The main function loops on each character of the string until finding zero. This main routine is in the text section
of the program (which automatically places it in IRAM) and marked as global, so that the RTE can bootstrap it.
The hello world program (helloworld.S) is:
// Hello world, written in assembly: computes the checksum of "hello world"
.text
.globl __bootstrap
__bootstrap:
#define stringPointer r1
#define checksum r0
move checksum, 0
move stringPointer, hello
#define currentCharacter r2
checksum_loop:
// Load the current character
lbu currentCharacter , stringPointer , 0
// And exit if this character is 0
jz currentCharacter, end_of_loop
add checksum, checksum, currentCharacter
// Move to next character
add stringPointer, stringPointer, 1, true, checksum_loop
end_of_loop:
stop
.data
.globl hello
hello:
.string "hello world"
Building the program
Let’s assemble the program as usual using dpu-upmem-dpurte-clang:
dpu-upmem-dpurte-clang -nostartfiles -o helloworld helloworld.S
Notice that we compiled with -nostartfiles to define the entry point ourselves (__bootstrap).
Running the program
Let’s verify that the code above is correct, using dpu-lldb:
file helloworld
process launch --stop-at-entry
breakpoint set --source-pattern-regexp "stop"
process continue
register read r0
exit
When the program has terminated, verify that the return register is equal to “hello world“‘s checksum (i.e. 45c hexa-decimal):
r0 = 0x0000045c
Placing numerical values in memory
Many programs need some variables in memory (some static variables) to operate.

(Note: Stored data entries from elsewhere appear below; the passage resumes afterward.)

(* Let $\mathsf{R}=(R,\iota_R,\nabla_{R,d})$ be a quasicoherent sheaf of rings on $\mathsf{Def}$, and let $\psi_R\colon R\to R$ be its Adams operation. Then: (1) $\psi_R\iota_R=\iota_R\psi_{\mathcal{O}}$; (2) for every $d\ge0$, $\nabla_{R,d}\circ\psi_R=(\psi_{\mathcal{O}_d}\otimes\psi_R)\circ\nabla_{R,d}$ as maps $R\to \mathcal{O}_d\otimes_{s_d,\mathcal{O},\iota_R}R$; (3) if $\mathsf{R}$ satisfies the Frobenius congruence, then $\psi_R(x)\equiv x^{p^h}\bmod \mathfrak{m}R$ for all $x\in R$.
   Context: Fix a prime $p$, a perfect field $\kappa$ of characteristic $p$, and a formal group $\Gamma/\kappa$ of height $1\le h<\infty$. Let $\mathcal{O}$ be the Lubin–Tate ring (maximal ideal $\mathfrak{m}$, residue field $\kappa$) and, for $d\ge0$, $\mathcal{O}_d$ the Strickland ring classifying subgroups of rank $p^d$ of the universal deformation (complete local, maximal ideal $\mathfrak{m}_d$, residue field $\kappa$, $\mathcal{O}_0=\mathcal{O}$). These come with ring maps $s_d,t_d\colon\mathcal{O}\to\mathcal{O}_d$ (source and target), $s_d$ making $\mathcal{O}_d$ a finitely generated free $\mathcal{O}$-module, and composition maps $\nabla_{d,e}\colon\mathcal{O}_{d+e}\to\mathcal{O}_d\otimes_{s_d,\mathcal{O},t_e}\mathcal{O}_e$, forming the graded category scheme representing deformations of $\Gamma$ and their height-$d$ morphisms. There are surjections $\nu_d\colon\mathcal{O}_d\to\mathcal{O}/p$ (representing height-$d$ Frobenius morphisms) with $\nu_ds_d$ the quotient map, $\nu_dt_d$ the $p^d$-th power map, and $\mathcal{O}_d\xrightarrow{\nu_d}\mathcal{O}/p\to\kappa$ the quotient map. There are ring automorphisms $\psi_{\mathcal{O}_d}$ of $\mathcal{O}_d$ ($\psi_{\mathcal{O}}=\psi_{\mathcal{O}_0}$), compatible with $s_d,t_d$ (i.e. $\psi_{\mathcal{O}_d}s_d=s_d\psi_{\mathcal{O}}$, $\psi_{\mathcal{O}_d}t_d=t_d\psi_{\mathcal{O}}$), representing the autoequivalence of deformations induced by the isomorphism $\sigma\colon(\phi^h)^*\Gamma\to\Gamma$ with $[p]=\sigma\operatorname{Fr}^h$ on $\Gamma$, and a ring map $q\colon\mathcal{O}_h\to\mathcal{O}$ representing the $p$-th power isogeny, with $qs_h=\mathrm{id}$, $qt_h=\psi_{\mathcal{O}}$, $(q\otimes\mathrm{id})\nabla_{h,d}=(\psi_{\mathcal{O}_d}\otimes q)\nabla_{d,h}$ as maps $\mathcal{O}_{d+h}\to\mathcal{O}_d$, and $\psi_{\mathcal{O}_d}(x)\equiv x^{p^h}\bmod\mathfrak{m}_d$. A quasicoherent sheaf of rings on $\mathsf{Def}$ is a triple $(R,\iota_R,\nabla_{R,d})$: a commutative ring $R$, a ring map $\iota_R\colon\mathcal{O}\to R$, and ring maps $\nabla_{R,d}\colon R\to\mathcal{O}_d\otimes_{s_d,\mathcal{O},\iota_R}R$ ($d\ge0$) such that $(\mathrm{id}\otimes\nabla_{R,e})\nabla_{R,d}=(\nabla_{d,e}\otimes\mathrm{id})\nabla_{R,d+e}$ and $\nabla_{R,d}\iota_R=(\mathrm{id}\otimes\iota_R)t_d$. It satisfies the Frobenius congruence if for all $d$ the composite $(\nu_d\otimes\mathrm{id})\nabla_{R,d}\colon R\to\mathcal{O}/p\otimes_{\mathcal{O}}R=R/p$ equals $x\mapsto x^{p^d}\bmod p$. Its Adams operation is $\psi_R=(q\otimes\mathrm{id})\circ\nabla_{R,h}\colon R\to\mathcal{O}_h\otimes_{s_h,\mathcal{O},\iota_R}R\to\mathcal{O}\otimes_{\mathcal{O}}R=R$. *)

From HB Require Import structures.
From mathcomp Require Import all_boot all_order all_algebra.
Set Implicit Arguments. Unset Strict Implicit. Unset Printing Implicit Defensive.
Import GRing.Theory.
Local Open Scope ring_scope.
Lemma slink_reach_rcons sl x t u : slink_reach sl t u -> slink_reach (rcons sl x) t u.
Proof.
elim=> [t'|t' j u' sl_t _ IH]; first exact: reach_refl.
apply: reach_step IH; rewrite slink_rcons //.
by case: ltnP sl_t => // le_t; rewrite /slink nth_default.
Qed.

Section FactorOracleInvariant.
Variable Sigma : eqType.
Implicit Types (tr : trans_tbl Sigma) (sl : seq (option nat)).

Definition subtable tr tr' := forall q a t, lookup tr q a = Some t -> lookup tr' q a = Some t.

Lemma subtable_trans tr1 tr2 tr3 : subtable tr1 tr2 -> subtable tr2 tr3 -> subtable tr1 tr3.
Proof. by move=> sub12 sub23 q a t /sub12 /sub23. Qed.

Lemma subtable_cons tr k c i : lookup tr k c = None -> subtable tr (((k, c), i) :: tr).
Proof. by move=> no_kc q a t /=; case: ifP => // /andP [/eqP <- /eqP <-]; rewrite no_kc. Qed.

Definition forward tr n := forall q a t, lookup tr q a = Some t -> q < t <= n.

Section OracleLoop.
Variables (sl : seq (option nat)) (i : nat) (c : Sigma) (tr0 : trans_tbl Sigma).
Hypothesis slink_lt : forall j x, slink sl j = Some x -> x < j.

(* Sources of added transitions lie above the current k, so the transition found when the
   loop stops is not one it added. *)
Record loop_inv tr (k : option nat) : Prop := LoopInv {
  loop_sub : subtable tr0 tr;
  loop_new : forall q a t, lookup tr q a = Some t -> lookup tr0 q a = None ->
    [/\ a = c, t = i, q < i, (forall k0, k = Some k0 -> k0 < q) &
        forall j, slink sl q = Some j -> lookup tr j c = Some i \/ k = Some j] }.

Lemma loop_inv_add tr k0 : k0 < i -> lookup tr k0 c = None -> loop_inv tr (Some k0) ->
  loop_inv (((k0, c), i) :: tr) (slink sl k0).
Proof.
move=> lt_k0 no_k0 [sub new]; split=> [|q a t].
  exact: subtable_trans (subtable_cons _ no_k0).
rewrite /=; case: ifP => [/andP [/eqP <- /eqP <-] [<-] _|_ tr_q tr0_q].
  by split=> // [k1 /slink_lt|j ->]; [|right].
have [-> -> lt_q lt_k0q closed] := new _ _ _ tr_q tr0_q.
split=> // [k1 /slink_lt lt_k1|j /closed [tr_j|[<-]]].
- exact: ltn_trans lt_k1 (lt_k0q _ erefl).
- by left; case: ifP.
- by left; rewrite !eqxx.
Qed.

Lemma oracle_loop_inv fuel tr k :
  (forall k0, k = Some k0 -> k0 < i /\ k0 < fuel) -> loop_inv tr k ->
  let: (tr', k') := oracle_loop fuel sl i c tr k in
  loop_inv tr' k' /\ (forall k0, k' = Some k0 -> lookup tr' k0 c != None).
Proof.
elim: fuel tr k => [|fuel IH] tr [k0|] k_lt inv //=; first by have [_] := k_lt k0 erefl.
case tr_k0: (lookup tr k0 c) => [u|]; first by split=> // _ [<-]; rewrite tr_k0.
have [lt_i lt_fuel] := k_lt k0 erefl.
apply: IH; last exact: loop_inv_add.
by move=> k1 /slink_lt; lia.
Qed.
Theorem mainTheorem17 (X : topologicalType) :
  separable X -> metrizable X -> Cp_CDH X -> gamma_set X.
Proof.
move=> [Q [Qc Qd]] [d d_metric] [[S [Sc Sd]] cdh] UU.
move=> [[UU_open _] [UU_nT UU_fin]].
have UU_proper A : UU A -> A != setT.
  by move=> UA; apply/eqP => AT; apply: UU_nT; rewrite -AT.
have [A /UU_proper/setTPn[x0 _] _] := UU_fin [::].
have [q q_dense] := countable_dense_seq d_metric x0 Qc Qd.
pose D := cover_raisings d q UU S; pose E := rat_shifts S.
have [h [_ [k [_ kh _ _ k_cont]]] hDE] := cdh D E
  (countable_cover_raisings _ _ _ Sc)
  (Cp_dense_cover_raisings d_metric q_dense UU_open UU_fin Sd)
  (countable_rat_shifts Sc) (Cp_dense_rat_shifts Sd).
have [w [UU_w w_ev]] := Cp_homeomorphism_cover_seq
  (cover_raisings_Cp d_metric (q:=q) (UU:=UU) Sd.1) (rat_shifts_Cp Sd.1) hDE kh k_cont
  (or_introl erefl) (@cover_raisings_off_cover _ d q UU S) (rat_shifts_approx x0).
have [s [ws_inj s_ge]] := cofinite_injective_subseq (fun n => UU_proper _ (UU_w n)) w_ev.
exists (w \o s); split=> [n|]; first exact: UU_w.
split=> //; split=> [n|x]; first exact/UU_open/UU_w.
by have [N wN] := w_ev x; exists N => n Nn; apply/wN/(leq_trans Nn).
Qed.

The basic directives to do so are .byte, .short, .long and quad. Such variables must be
declared in a .data section of the code.
The next program uses two variables ‘a’ and ‘b’, fetched from the WRAM, and stores the sum of ‘a’ and ‘b’ into memory:
.text
.globl __bootstrap
__bootstrap:
move r16, values
lw r0,r16,0
lw r1,r16,4
add r0, r0,r1
sw r16,8, r0
stop
.data
.globl values
values:
.long 0x12345678 //a
.long 0x9abcdef0 //b
.long 0 // s=a+b
Once the program is built:
dpu-upmem-dpurte-clang -nostartfiles -o trivial_add trivial_add.S
The debugger easily allows to verify the result:
file trivial_add
process launch --stop-at-entry
breakpoint set --source-pattern-regexp "stop"
process continue
parray 3 &values
exit
The stored result is the sum of ‘a’ and ‘b’.
(void *) [0] = 0x12345678
(void *) [1] = 0x9abcdef0
(void *) [2] = 0xacf13568
Useful common linker directives
The list of assembler directives, along with a comprehensive description can be found in Assembler syntax. The most commonly used are described hereafter.
Creating a static buffer of data
The “zero” directives allow creating a static buffer of data with an initial value. The DPU assembler repeats the specified value (zero by default) a certain number of times.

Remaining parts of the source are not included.